Segment Start: Data shown
(* Let $S$ be a set of anchored rectangles in the plane. Then it is possible to maintain a conflict-free coloring of $S$ (with respect to points) under insertions and deletions of rectangles that uses $O(\log n)$ colors and performs $O(\log n)$ recolorings per insertion and per deletion, where $n$ is the current number of rectangles in $S$.
   Context: A rectangle is anchored if its bottom-left vertex lies at the origin. A coloring of a set $S$ of regions is conflict-free (with respect to points) if for every point $q$ lying in at least one region of $S$, among the regions of $S$ containing $q$ there is one whose color is unique among them. A recoloring is a change of the color of one object already in the set; the number of recolorings per update is the number of objects whose color changes. *)

From Stdlib Require Import Reals List Arith.
Import ListNotations.
Open Scope R_scope.

(* An anchored rectangle [0,rx] x [0,ry], identified by its top-right corner. *)
Record rect := Rect { rx : R; ry : R }.

Definition valid_rect (r : rect) : Prop := 0 < rx r /\ 0 < ry r.

Definition contains (r : rect) (q : R * R) : Prop :=
  0 <= fst q <= rx r /\ 0 <= snd q <= ry r.

Definition rect_eq_dec (r1 r2 : rect) : {r1 = r2} + {r1 <> r2}.
Proof.
  destruct r1 as [a b], r2 as [c d].
  destruct (Req_EM_T a c) as [H1|H1]; [destruct (Req_EM_T b d) as [H2|H2]|].
  - left; subst; reflexivity.
  - right; intro H; inversion H; contradiction.
  - right; intro H; inversion H; contradiction.
Defined.

Definition conflict_free (S : list rect) (col : rect -> nat) : Prop :=
  forall q : R * R,
    (exists r, In r S /\ contains r q) ->
    exists r, In r S /\ contains r q /\
      forall r', In r' S -> contains r' q -> r' <> r -> col r' <> col r.

Definition num_colors (S : list rect) (col : rect -> nat) : nat :=
  length (nodup Nat.eq_dec (map col S)).

Definition recolorings (S S' : list rect) (col col' : rect -> nat) : nat :=
  length (filter (fun r => if in_dec rect_eq_dec r S'
                           then negb (Nat.eqb (col r) (col' r)) else false) S).

Inductive update := Ins (r : rect) | Del (r : rect).

Definition step (S : list rect) (u : update) : list rect :=
  match u with
  | Ins r => r :: S
  | Del r => remove rect_eq_dec r S
  end.

Definition cur (h : list update) : list rect := fold_left step h [].

Definition legal (S : list rect) (u : update) : Prop :=
  match u with
  | Ins r => valid_rect r /\ ~ In r S
  | Del r => In r S
  end.

Inductive valid_hist : list update -> Prop :=
| vh_nil : valid_hist []
| vh_snoc : forall h u, valid_hist h -> legal (cur h) u -> valid_hist (h ++ [u]).

From Stdlib Require Import Reals List Lia Lra Permutation Sorted Classical.
Import ListNotations.
Local Open Scope nat_scope.

(* Keep the rectangles in the leaves of an AVL tree, ordered from left to right by
   [rx].  Every internal node marks the highest rectangle of its right subtree with
   its own height, and a rectangle is colored by the largest height marking it (0 if
   it is unmarked).  A rectangle contains q iff [rx >= qx] and [ry >= qy].  At a node
   with subtrees l and r: if the highest rectangle v of r contains q, its color is the
   height of the node, larger than all other colors below it.  Otherwise, if some
   rectangle of l contains q, then v lies to its right, so [ry v < qy] and no
   rectangle of r contains q: recurse into l; else recurse into r.  Hence the
   coloring is conflict-free with at most height + 1 = O(log n) colors.  An insertion
   or deletion, rotations included, changes O(1) marks per level along one root
   path, hence O(log n) colors. *)

Lemma StronglySorted_app_iff {A} (R : A -> A -> Prop) (l1 l2 : list A) :
  StronglySorted R (l1 ++ l2) <->
  StronglySorted R l1 /\ StronglySorted R l2 /\ (forall a b, In a l1 -> In b l2 -> R a b).
Proof.
  induction l1 as [|x l1 IH]; simpl.
  - split; [intros H; repeat split; auto; [constructor | intros ? ? []]|tauto].
  - split.
    + intros [Hs Hf]%StronglySorted_inv. rewrite Forall_forall in Hf.
      apply IH in Hs as (S1 & S2 & S12). repeat split; auto.
      * constructor; auto. rewrite Forall_forall. intros b Hb. apply Hf, in_or_app; auto.
      * intros a b [<-|Ha] Hb; auto. apply Hf, in_or_app; auto.
    + intros ([S1 Hf]%StronglySorted_inv & S2 & S12). rewrite Forall_forall in Hf.
      constructor; [apply IH; auto|]. rewrite Forall_forall. intros b Hb.
      apply in_app_or in Hb as [Hb|Hb]; auto.
Qed.

Lemma StronglySorted_remove {A} (R : A -> A -> Prop) eq_dec (x : A) l :
  StronglySorted R l -> StronglySorted R (remove eq_dec x l).
Proof.
  induction 1 as [|a l Hs IH Hf]; simpl; [constructor|].
  destruct (eq_dec x a); auto. constructor; auto.
  rewrite Forall_forall in *. intros b Hb. apply Hf. eapply in_remove; eauto.
Qed.

Lemma Permutation_remove {A} eq_dec (x : A) l l' :
  Permutation l l' -> Permutation (remove eq_dec x l) (remove eq_dec x l').
Proof.
  induction 1 as [| a l l' _ IH | a b l | l l' l'' _ IH1 _ IH2]; simpl.
  - constructor.
  - destruct (eq_dec x a); auto.
  - destruct (eq_dec x a), (eq_dec x b); auto using Permutation_refl, perm_swap.
  - eauto using Permutation_trans.
Qed.

Lemma remove_NoDup {A} eq_dec (x : A) l : NoDup l -> NoDup (remove eq_dec x l).
Proof.
  induction 1 as [|a l Ha _ IH]; simpl; [constructor|].
  destruct (eq_dec x a); auto. constructor; auto.
  intros Hin. apply Ha. eapply in_remove; eauto.
Qed.

Lemma length_remove_NoDup {A} eq_dec (x : A) l :
  NoDup l -> length l <= S (length (remove eq_dec x l)).
Proof.
  induction 1 as [|a l Ha _ IH]; simpl; [lia|].
  destruct (eq_dec x a) as [<-|]; simpl; [rewrite notin_remove|]; auto; lia.
Qed.

Lemma NoDup_app_notin {A} (l1 l2 : list A) a : NoDup (l1 ++ l2) -> In a l1 -> ~ In a l2.
Proof.
  intros N Ha Hb. apply in_split in Ha as (x & y & ->).
  rewrite <- app_assoc in N. apply NoDup_remove_2 in N.
  apply N, in_or_app. right. apply in_or_app; auto.
Qed.

(** * AVL trees *)

Inductive tree := Leaf (p : rect) | Node (l r : tree).

Fixpoint height (t : tree) : nat :=
  match t with Leaf _ => 0 | Node l r => S (Nat.max (height l) (height r)) end.

Fixpoint leaves (t : tree) : list rect :=
  match t with Leaf p => [p] | Node l r => leaves l ++ leaves r end.

Fixpoint rightmost (t : tree) : rect :=
  match t with Leaf p => p | Node _ r => rightmost r end.

Fixpoint highest (t : tree) : rect :=
  match t with
  | Leaf p => p
  | Node l r => if Rle_dec (ry (highest l)) (ry (highest r)) then highest r else highest l
  end.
Segment End: Data shown
» Work order
Search the material for the string "match" and show every line that has it.

» Answer to this exercise
  match u with
  match u with
  match t with Leaf _ => 0 | Node l r => S (Nat.max (height l) (height r)) end.
  match t with Leaf p => [p] | Node l r => leaves l ++ leaves r end.
  match t with Leaf p => p | Node _ r => rightmost r end.
  match t with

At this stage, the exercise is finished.